--- WHAT YOU SHOULD DO ---
Go through the records below and report each line with "Require" in it.

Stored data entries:
════════

(* Let $\pi$ be an $X_q(A_1)$-module algebra structure on $\mathbb C_q[x,y,z]$ of non-diagonal type, with $K_i(x)=\alpha_ix$, $K_i(y)=\beta_iy+t_ixz$, $K_i(z)=\gamma_iz$ ($i=1,2$). Let $a_0=(E(x))_0$, $c_0=(E(z))_0$, $a_0'=(F(x))_0$, $c_0'=(F(z))_0$. Then: 1. If $a_0\neq0$, then $\alpha_1=q$, $\alpha_2=-q$, $\beta_1^{-1}\beta_2=q$, $\gamma_1^{-1}\gamma_2=q$, $(E(x))_1=0$ and $(E(y))_1=-\frac{a_0(t_2+qt_1)}{2q\beta_1}z$. 2. If $c_0\neq0$, then $\gamma_1=q$, $\gamma_2=-q$, $\beta_1^{-1}\beta_2=q^{-1}$, $\alpha_1^{-1}\alpha_2=q^{-1}$, $(E(z))_1=0$ and $(E(y))_1=-\frac{c_0(t_1+qt_2)}{2q\beta_1}x$. 3. If $a_0'\neq0$, then $\alpha_1=q^{-1}$, $\alpha_2=-q^{-1}$, $\beta_1\beta_2^{-1}=q^{-1}$, $\gamma_1\gamma_2^{-1}=q^{-1}$, $(F(x))_1=0$ and $(F(y))_1=\frac{a_0'(t_2-qt_1)}{2q\alpha_2\gamma_2}z$. 4. If $c_0'\neq0$, then $\gamma_1=q^{-1}$, $\gamma_2=-q^{-1}$, $\beta_1\beta_2^{-1}=q$, $\alpha_1\alpha_2^{-1}=q$, $(F(z))_1=0$ and $(F(y))_1=\frac{c_0'(qt_2-t_1)}{2q\alpha_2\gamma_2}x$.
   Context: Fix $q\in\mathbb C^*$ not a root of unity, i.e. $q^n\neq1$ for all nonzero integers $n$. $X_q(A_1)$ is the unital associative $\mathbb C$-algebra generated by $E,F,K_1^{\pm1},K_2^{\pm1}$ with relations: - $K_iK_i^{-1}=K_i^{-1}K_i=1$ and $K_1K_2=K_2K_1$; - $K_1E=q^{-1}EK_1$, $K_1F=qFK_1$, $K_2E=-q^{-1}EK_2$, $K_2F=-qFK_2$; - $EF-FE=\frac{K_2K_1^{-1}-K_2^{-1}K_1}{q-q^{-1}}$; - $E^2=F^2=0$. It is a Hopf algebra with $\Delta(K_i)=K_i\otimes K_i$, $\Delta(E)=E\otimes1+K_2K_1^{-1}\otimes E$, $\Delta(F)=1\otimes F+F\otimes K_2^{-1}K_1$, $\varepsilon(K_i)=1$ and $\varepsilon(E)=\varepsilon(F)=0$. $\mathbb C_q[x,y,z]$ is the unital $\mathbb C$-algebra generated by $x,y,z$ with $yx=qxy$, $zy=qyz$, $zx=qxz$. It is graded by total degree in $x,y,z$. For $p\in\mathbb C_q[x,y,z]$, $(p)_s$ denotes the homogeneous component of $p$ of degree $s$. An $X_q(A_1)$-module algebra structure on $A=\mathbb C_q[x,y,z]$ is an algebra homomorphism $\pi:X_q(A_1)\to\mathrm{End}_{\mathbb C}(A)$ such that $\pi(h)(ab)=\sum\pi(h_{(1)})(a)\pi(h_{(2)})(b)$ and $\pi(h)(1)=\varepsilon(h)1$, where $\Delta(h)=\sum h_{(1)}\otimes h_{(2)}$. One writes $h(a)$ for $\pi(h)(a)$. Concretely, $K_1,K_2$ act by algebra automorphisms, $E(ab)=E(a)b+K_2K_1^{-1}(a)E(b)$ and $F(ab)=aF(b)+F(a)K_2^{-1}K_1(b)$. The structure is of non-diagonal type if there are $\alpha_i,\beta_i,\gamma_i,t_i\in\mathbb C^*$ ($i=1,2$) with $K_i(x)=\alpha_ix$, $K_i(y)=\beta_iy+t_ixz$, $K_i(z)=\gamma_iz$. *)

From HB Require Import structures.
From mathcomp Require Import all_boot all_order all_algebra.
From mathcomp Require Import complex.
From mathcomp Require Import Rstruct.
Set Implicit Arguments. Unset Strict Implicit. Unset Printing Implicit Defensive.
Import Order.TTheory GRing.Theory Num.Theory.
Local Open Scope ring_scope.

Definition C : fieldType := (Rdefinitions.R)[i].

(* Underlying vector space of C_q[x,y,z]: the space with basis the ordered
   monomials x^i y^j z^k, represented by triply nested polynomials:
   the coefficient of x^i y^j z^k in p is  p`_i`_j`_k. *)
Definition A := {poly {poly {poly C}}}.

════════

--- EXERCISE OUTPUT ---
From HB Require Import structures.
From mathcomp Require Import all_boot all_order all_algebra.
From mathcomp Require Import complex.
From mathcomp Require Import Rstruct.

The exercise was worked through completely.